American Health Law Association Brenda M. Shafer, Michael French, Richard B. Davis

The federal 340B Drug Pricing Program (340B Program) allows certain qualifying health care providers such as hospitals and clinics (Covered Entities) to purchase outpatient medications at significant discounts. The 340B Program has long had an expansive reach that significantly impacts a wide variety of stakeholders in the health care space. According to the Covered Entities, the 340B Program provides crucial funds to safety net providers that help them better serve at-risk patient populations. Drug manufacturers and associated advocacy groups disagree, claiming the 340B Program has little oversight and is rife with non-compliance that unfairly impacts those selling medications. These disagreements have only intensified over the last couple of years, as the enforcement of the 340B Program's sub-regulatory guidance has come into question. This uncertainty has unleashed new interpretations of applicable obligations and triggered numerous lawsuits that could change the 340B Program as we know it.

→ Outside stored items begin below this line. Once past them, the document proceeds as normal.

Lemma var_est_ok i : 1 - (zeta + zeta) <= prob (var_est i) (var_ok i).
Proof.
have zeta01 := zeta_in01 i.1.2 i.2; have hH := ltn_ord i.1.1.
apply: (prob_dbind_ge (G := fun m2 =>
    `|m2 - PM i.1.1 i.1.2 i.2 (fun s' => V0 i.1.1.+1 s' ^+ 2)| < b)) => //.
- exact: dvalid_est1.
- by move=> m2; apply: dvalid_dbind => [|m1]; [apply: dvalid_est1 | apply: dvalid_dret].
- exact: zeta_ge0.
- apply/ltW/spec1.2 => // s'.
  by have /andP[V0_ge0 V0_leH] := V0_range i.1.1.+1 s'; rewrite sqr_ge0 lerXn2r ?nnegrE.
move=> m2 m2_near.
apply: (prob_dbind_dret_ge (G := fun m1 => `|m1 - PM i.1.1 i.1.2 i.2 (V0 i.1.1.+1)| < b / H%:R)).
- exact: dvalid_est1.
- apply/ltW/spec1.2 => //; first exact: V0_range.
  by rewrite /QVI_b divr_gt0 ?ltr01 ?ltr0n ?H_gt0.
by move=> m1 m1_near; apply: var_ok_max_sub_sqr.
Qed.

Lemma mean_est_ok y i : var_ok i (y i) -> 1 - zeta <= prob (mean_est y i) (mean_ok y i).
Proof.
case/andP=> y_ge0; rewrite ler_norml => /andP[var_le _].
have zeta01 := zeta_in01 i.1.2 i.2.
have sigma_pos : 0 < y i + 4 * b by rewrite /QVI_b; lra.
have sigma_gt0 : 0 < Num.sqrt (y i + 4 * b) by rewrite sqrtr_gt0.
apply: prob_shift_under; first exact: dvalid_est2.
apply: spec2.2 => //; first by rewrite sqr_sqrtr ?(ltW sigma_pos) // /QVI_b; lra.
by rewrite /eta mulr_gt0 ?gamma_gt0 // ltr_pM2r // gamma_lt4.
Qed.
(* For every item sequence $I\in(0,1]^n$, $MM_2(I)=OPT_2(I)$.
   Context: The $k$-cardinality constrained bin packing problem: an item sequence $I=(a_1,\dots,a_n)\in(0,1]^n$ must be packed into bins of capacity $1$ so that each bin contains at most $k$ items; $OPT_k(I)$ is the minimum possible number of non-empty bins, and $ALG(I)$ is the number of non-empty bins used by algorithm $ALG$. Algorithm $MM_k$: sort the items in non-increasing order; keep a single open bin with load $S$. Repeat while items remain: if the open bin already contains $k$ items, close it and open a new bin; else if the head (largest remaining) item fits ($S+\text{head}\le1$) pack it; else if the tail (smallest remaining) item fits pack it; else close the open bin permanently and open a new empty bin. $MM_2$ is the case $k=2$. *)

From HB Require Import structures.
From mathcomp Require Import all_boot all_order all_algebra.
Set Implicit Arguments. Unset Strict Implicit. Unset Printing Implicit Defensive.
Import Order.TTheory GRing.Theory Num.Theory.
Local Open Scope ring_scope.

Section BinPacking.
Variable R : realFieldType.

This article looks at how 340B stakeholders are navigating this time of extreme uncertainty and what challenges stakeholders face when the underlying rules of the 340B Program itself are in flux.

Initial Background

Enacted in 1992 via federal statute, the 340B Program requires manufacturers that participate in the Medicaid Drug Rebate Program to provide discounts to qualifying Covered Entities on drugs dispensed or administered to eligible outpatients. 1 The Program has two main prongs:

  1. Covered Entities can purchase certain outpatient medications at significant discounts for subsequent administration during on-site patient visits.
  2. Covered Entities can fill prescriptions tied to Covered Entity visits with 340B-priced medications at entity-owned retail pharmacies. Covered Entities can also contract with third party pharmacies (i.e., "contract pharmacies") to fill eligible prescriptions for its eligible patients at 340B prices in exchange for a dispensing fee.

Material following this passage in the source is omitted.